----- Input records -----
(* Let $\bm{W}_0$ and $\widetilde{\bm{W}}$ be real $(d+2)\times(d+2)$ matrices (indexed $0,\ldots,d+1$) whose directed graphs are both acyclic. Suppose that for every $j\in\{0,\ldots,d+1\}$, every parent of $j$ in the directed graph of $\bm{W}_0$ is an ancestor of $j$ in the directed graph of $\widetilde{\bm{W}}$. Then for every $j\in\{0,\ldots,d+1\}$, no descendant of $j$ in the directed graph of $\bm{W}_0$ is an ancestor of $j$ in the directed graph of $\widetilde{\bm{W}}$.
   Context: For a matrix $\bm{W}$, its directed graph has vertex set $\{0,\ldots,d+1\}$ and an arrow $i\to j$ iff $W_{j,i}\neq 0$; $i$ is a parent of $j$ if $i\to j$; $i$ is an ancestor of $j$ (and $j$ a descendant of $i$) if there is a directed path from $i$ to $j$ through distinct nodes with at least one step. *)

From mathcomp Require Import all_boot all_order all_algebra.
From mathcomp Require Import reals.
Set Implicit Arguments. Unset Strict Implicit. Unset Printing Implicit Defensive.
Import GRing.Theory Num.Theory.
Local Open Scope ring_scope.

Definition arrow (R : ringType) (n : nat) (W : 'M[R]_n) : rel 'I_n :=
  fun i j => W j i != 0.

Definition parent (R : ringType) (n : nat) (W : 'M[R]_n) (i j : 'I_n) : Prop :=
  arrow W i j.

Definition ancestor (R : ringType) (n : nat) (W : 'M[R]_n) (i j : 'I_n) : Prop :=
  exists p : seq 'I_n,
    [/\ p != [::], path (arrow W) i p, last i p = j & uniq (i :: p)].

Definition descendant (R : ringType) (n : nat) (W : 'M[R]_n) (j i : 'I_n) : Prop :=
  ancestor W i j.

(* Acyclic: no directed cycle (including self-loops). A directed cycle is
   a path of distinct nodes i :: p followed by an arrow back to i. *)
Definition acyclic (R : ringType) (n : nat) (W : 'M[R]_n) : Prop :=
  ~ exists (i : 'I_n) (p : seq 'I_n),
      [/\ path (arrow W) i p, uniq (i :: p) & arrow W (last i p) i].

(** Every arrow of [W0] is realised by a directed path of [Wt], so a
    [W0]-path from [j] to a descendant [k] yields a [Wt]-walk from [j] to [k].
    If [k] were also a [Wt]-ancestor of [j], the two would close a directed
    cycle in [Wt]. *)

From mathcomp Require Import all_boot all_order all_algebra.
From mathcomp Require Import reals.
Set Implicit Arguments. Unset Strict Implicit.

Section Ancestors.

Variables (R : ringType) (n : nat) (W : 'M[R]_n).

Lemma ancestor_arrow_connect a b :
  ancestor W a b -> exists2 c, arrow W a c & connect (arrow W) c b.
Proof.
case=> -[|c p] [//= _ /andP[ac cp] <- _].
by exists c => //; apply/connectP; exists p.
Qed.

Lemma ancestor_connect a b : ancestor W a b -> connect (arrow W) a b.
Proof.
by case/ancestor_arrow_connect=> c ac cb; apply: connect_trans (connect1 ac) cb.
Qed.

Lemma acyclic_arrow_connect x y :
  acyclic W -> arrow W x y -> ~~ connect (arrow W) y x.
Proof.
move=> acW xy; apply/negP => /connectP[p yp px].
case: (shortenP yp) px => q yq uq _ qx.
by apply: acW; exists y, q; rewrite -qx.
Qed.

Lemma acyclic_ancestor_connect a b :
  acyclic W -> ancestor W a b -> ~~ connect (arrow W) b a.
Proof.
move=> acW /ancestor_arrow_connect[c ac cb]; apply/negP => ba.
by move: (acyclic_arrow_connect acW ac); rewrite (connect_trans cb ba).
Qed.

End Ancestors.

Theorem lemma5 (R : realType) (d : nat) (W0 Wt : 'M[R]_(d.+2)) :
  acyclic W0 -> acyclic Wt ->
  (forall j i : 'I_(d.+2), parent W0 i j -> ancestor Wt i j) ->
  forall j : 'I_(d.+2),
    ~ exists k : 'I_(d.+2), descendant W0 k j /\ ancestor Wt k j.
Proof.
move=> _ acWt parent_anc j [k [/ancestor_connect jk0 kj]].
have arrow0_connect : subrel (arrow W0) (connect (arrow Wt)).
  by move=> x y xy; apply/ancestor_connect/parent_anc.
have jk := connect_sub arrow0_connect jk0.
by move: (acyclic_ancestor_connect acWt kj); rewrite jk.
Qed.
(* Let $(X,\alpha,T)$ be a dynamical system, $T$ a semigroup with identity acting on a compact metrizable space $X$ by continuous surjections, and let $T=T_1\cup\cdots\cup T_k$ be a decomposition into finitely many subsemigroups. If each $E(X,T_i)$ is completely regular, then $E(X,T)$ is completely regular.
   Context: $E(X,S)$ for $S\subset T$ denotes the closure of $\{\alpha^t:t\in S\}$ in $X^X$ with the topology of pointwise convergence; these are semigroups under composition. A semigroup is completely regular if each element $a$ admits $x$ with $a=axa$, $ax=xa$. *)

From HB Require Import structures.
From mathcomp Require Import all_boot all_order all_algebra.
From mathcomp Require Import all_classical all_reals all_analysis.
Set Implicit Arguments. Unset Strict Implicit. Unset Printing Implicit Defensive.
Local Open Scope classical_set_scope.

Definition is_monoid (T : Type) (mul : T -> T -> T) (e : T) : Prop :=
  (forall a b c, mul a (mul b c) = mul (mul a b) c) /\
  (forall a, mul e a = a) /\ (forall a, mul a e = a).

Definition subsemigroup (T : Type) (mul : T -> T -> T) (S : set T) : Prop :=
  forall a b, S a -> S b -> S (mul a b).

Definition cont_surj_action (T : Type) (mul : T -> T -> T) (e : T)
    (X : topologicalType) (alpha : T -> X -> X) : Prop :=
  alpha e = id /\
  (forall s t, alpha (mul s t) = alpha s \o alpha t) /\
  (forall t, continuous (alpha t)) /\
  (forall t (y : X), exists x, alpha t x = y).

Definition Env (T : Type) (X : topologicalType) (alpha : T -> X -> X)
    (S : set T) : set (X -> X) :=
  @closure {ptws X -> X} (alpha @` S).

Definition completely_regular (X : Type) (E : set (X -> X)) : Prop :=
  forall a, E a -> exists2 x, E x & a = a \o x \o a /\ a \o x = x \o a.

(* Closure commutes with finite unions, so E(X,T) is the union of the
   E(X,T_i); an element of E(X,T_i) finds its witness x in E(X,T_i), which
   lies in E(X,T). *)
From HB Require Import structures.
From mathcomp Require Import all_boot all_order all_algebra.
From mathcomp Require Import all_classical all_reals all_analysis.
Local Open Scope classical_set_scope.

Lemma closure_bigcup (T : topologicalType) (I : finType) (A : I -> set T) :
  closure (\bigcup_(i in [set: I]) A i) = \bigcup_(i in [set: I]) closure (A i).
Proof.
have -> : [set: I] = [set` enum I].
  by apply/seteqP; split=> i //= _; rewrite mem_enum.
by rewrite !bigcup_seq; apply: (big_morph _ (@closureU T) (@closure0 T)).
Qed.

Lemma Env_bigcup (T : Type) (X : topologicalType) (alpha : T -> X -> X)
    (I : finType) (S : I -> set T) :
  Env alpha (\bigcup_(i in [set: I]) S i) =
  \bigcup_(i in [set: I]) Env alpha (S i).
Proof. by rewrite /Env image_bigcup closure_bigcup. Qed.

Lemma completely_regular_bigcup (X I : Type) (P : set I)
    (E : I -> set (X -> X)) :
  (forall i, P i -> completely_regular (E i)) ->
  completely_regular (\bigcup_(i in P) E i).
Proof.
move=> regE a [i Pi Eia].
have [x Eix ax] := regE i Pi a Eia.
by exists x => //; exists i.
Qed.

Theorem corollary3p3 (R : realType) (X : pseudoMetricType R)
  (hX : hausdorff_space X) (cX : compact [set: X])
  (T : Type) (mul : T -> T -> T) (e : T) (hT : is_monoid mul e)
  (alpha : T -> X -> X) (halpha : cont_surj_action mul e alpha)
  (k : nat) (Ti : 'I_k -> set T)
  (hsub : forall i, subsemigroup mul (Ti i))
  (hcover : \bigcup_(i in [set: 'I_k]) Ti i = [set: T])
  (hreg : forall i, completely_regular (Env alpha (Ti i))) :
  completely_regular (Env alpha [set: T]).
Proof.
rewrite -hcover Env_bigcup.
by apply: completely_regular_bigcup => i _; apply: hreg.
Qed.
-----
**What the task asks:**
Among the lines above, the ones holding the word "each" must be counted; only that count is to be given.

**Response box:**
2